- Born: c. 1945 Feni, Bengal Province, Bangladesh
- Died: 28 April 2022 (aged 76–77) Dhaka, Bangladesh
- Allegiance: Pakistan (before 1973) Bangladesh
- Branch: Pakistan Army; Bangladesh Army;
- Service years: 1968 -1993
- Rank: Brigadier General
- Unit: East Bengal Regiment
- Commands: President of Inter Services Selection Board; Station Commander, Dacca; Commander of 65th Infantry Brigade; Commander of 93rd Armoured Brigade;
- Awards: Legion of Merit

= Sharif Uddin Ahmed (general) =

Bangladeshi military officer

Sharif Uddin Ahmed (1945 – 28 April 2022) was a Bangladeshi one star military. Over a 25-year career, he held several senior command and staff appointments in the Bangladesh Army. He served as the country's military attaché to the United States, where he received the Legion of Merit.

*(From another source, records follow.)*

Lemma two_stage_lower_bound (R : realFieldType) (S T : finType) (mu : S -> R)
    (nu : S -> T -> R) (G : pred S) (P : S -> pred T) (e1 e2 : R) :
  (forall s, 0 <= mu s) -> (forall s t, 0 <= nu s t) ->
  \sum_s mu s = 1 -> (forall s, \sum_t nu s t = 1) ->
  \sum_(s | ~~ G s) mu s <= e1 -> 0 <= e2 ->
  (forall s, G s -> \sum_(t | ~~ P s t) nu s t <= e2) ->
  1 - e1 - e2 <= \sum_s \sum_(t | P s t) mu s * nu s t.
Proof.
move=> mu_ge0 nu_ge0 mu_sum1 nu_sum1 badG e2_ge0 badP.
have inner s : 1 - e2 - (~~ G s)%:R <= \sum_(t | P s t) nu s t.
  have := nu_sum1 s; rewrite (bigID (P s)) /=.
  have : 0 <= \sum_(t | P s t) nu s t by exact: sumr_ge0.
  have : 0 <= \sum_(t | ~~ P s t) nu s t by exact: sumr_ge0.
  case Gs: (G s) => /=; last by lra.
  have := badP s Gs; lra.
apply: le_trans (_ : \sum_s mu s * (1 - e2 - (~~ G s)%:R) <= _).
  rewrite (eq_bigr (fun s => mu s * (1 - e2) - mu s * (~~ G s)%:R)); last first.
    by move=> s _; ring.
  rewrite sumrB -mulr_suml mu_sum1 mul1r.
  rewrite (eq_bigr (fun s => if ~~ G s then mu s else 0)); last first.
    by move=> s _; case: (G s); rewrite /= ?mulr1 ?mulr0.
  by rewrite -big_mkcond /=; lra.
by apply: ler_sum => s _; rewrite -mulr_sumr ler_wpM2l.
Qed.

Lemma ln_ge1BV (R : realType) (b : R) : 0 < b -> 1 - b^-1 <= ln b.
Proof.
move=> b_gt0; have := expR_ge1Dx (- ln b).
by rewrite expRN lnK ?posrE //; lra.
Qed.

Definition hits (O : finType) (N : nat) (A : pred O) (t : {ffun 'I_N -> O}) : nat :=
  #|[set k | A (t k)]|.

Section Chernoff.
Variables (R : realType) (O : finType) (N : nat) (w : O -> R).
Hypotheses (w_ge0 : forall o, 0 <= w o) (w_sum1 : \sum_o w o = 1).
Local Notation sample := {ffun 'I_N -> O}.

Lemma expR_hits (A : pred O) (lam : R) (t : sample) :
  expR (lam * (hits A t)%:R) = \prod_k expR (lam * (A (t k))%:R).
Proof.
rewrite -expR_sum -mulr_sumr -natr_sum /hits -sum1_card big_mkcond /=.
by congr (expR (_ * _%:R)); apply: eq_bigr => k _; rewrite inE; case: (A (t k)).
Qed.

Lemma chernoff_bound (A : pred O) (P : pred sample) (lam m : R) :
  (forall t, P t -> lam * m <= lam * (hits A t)%:R) ->
  \sum_(t | P t) \prod_k w (t k) <=
    expR (N%:R * ((\sum_(o | A o) w o) * (expR lam - 1)) - lam * m).
Proof.
move=> P_dev; pose g o := w o * expR (lam * (A o)%:R).
have g_ge0 o : 0 <= g o by rewrite mulr_ge0 ?expR_ge0.
have tilted t : P t -> \prod_k w (t k) <= (\prod_k g (t k)) * expR (- (lam * m)).
  move=> Pt; rewrite /g big_split /= -expR_hits -mulrA -expRD.
  rewrite ler_peMr ?prodr_ge0 // (le_trans _ (expR_ge1Dx _)) // lerDl subr_ge0.
  exact: P_dev.
have mean : \sum_o g o = 1 + (\sum_(o | A o) w o) * (expR lam - 1).
  rewrite -[in X in X + _]w_sum1 [X in _ + X * _]big_mkcond mulr_suml -big_split /=.
  by apply: eq_bigr => o _; rewrite /g; case: (A o); rewrite /= ?mulr1 ?mulr0 ?expR0; ring.
apply: (@le_trans _ _ (\sum_(t | P t) (\prod_k g (t k)) * expR (- (lam * m)))).
  exact: ler_sum.
apply: (@le_trans _ _ (\sum_(t : sample) (\prod_k g (t k)) * expR (- (lam * m)))).
  by apply: ler_sum_pred => // t; rewrite mulr_ge0 ?expR_ge0 ?prodr_ge0.
rewrite -mulr_suml sum_ffun_prod mean expRD ler_wpM2r ?expR_ge0 // expRM_natl.
by apply: lerXn2r; rewrite ?nnegrE ?expR_ge0 ?expR_ge1Dx // -mean sumr_ge0.
Qed.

== Early life and education ==
Ahmed was born in 1945 in Noakhali District, Bengal Province, British India (present-day Feni District, Bangladesh). He studied at Faujdarhat Cadet College as part of its 6th batch. After completing his Higher Secondary Certificate examinations, he joined the Pakistan Military Academy as a cadet of the 39th PMA Long Course.

==Career==
Ahmed served in a range of command and staff roles throughout his military career. As a lieutenant colonel, he worked as a grade one staff officer in an infantry division and later commanded the 5 East Bengal Regiment. He also served as the personal secretary to the chief of army staff and later personal secretary to President Hussain Muhammad Ershad.

After his promotion to colonel, Ahmed commanded the Bangladesh Army's only armoured brigade from 1984 to 1985. As a brigadier general, he was appointed military attaché to the United States, serving from 1985 to 1989. During this assignment, he was awarded the Legion of Merit by the president of the United States. He was the chief martial law administrator of Pabna District, Sirajganj District, Rajshahi District, Natore District, Naogaon District and Chapai Nawabganj District.

Following his return to Bangladesh, Ahmed commanded an infantry brigade in the Chittagong Hill Tracts during counterinsurgency operations. He later served as the military secretary of the Bangladesh Army and as president of the Inter Services Selection Board.

== Death ==
Ahmed died on 28 April 2022.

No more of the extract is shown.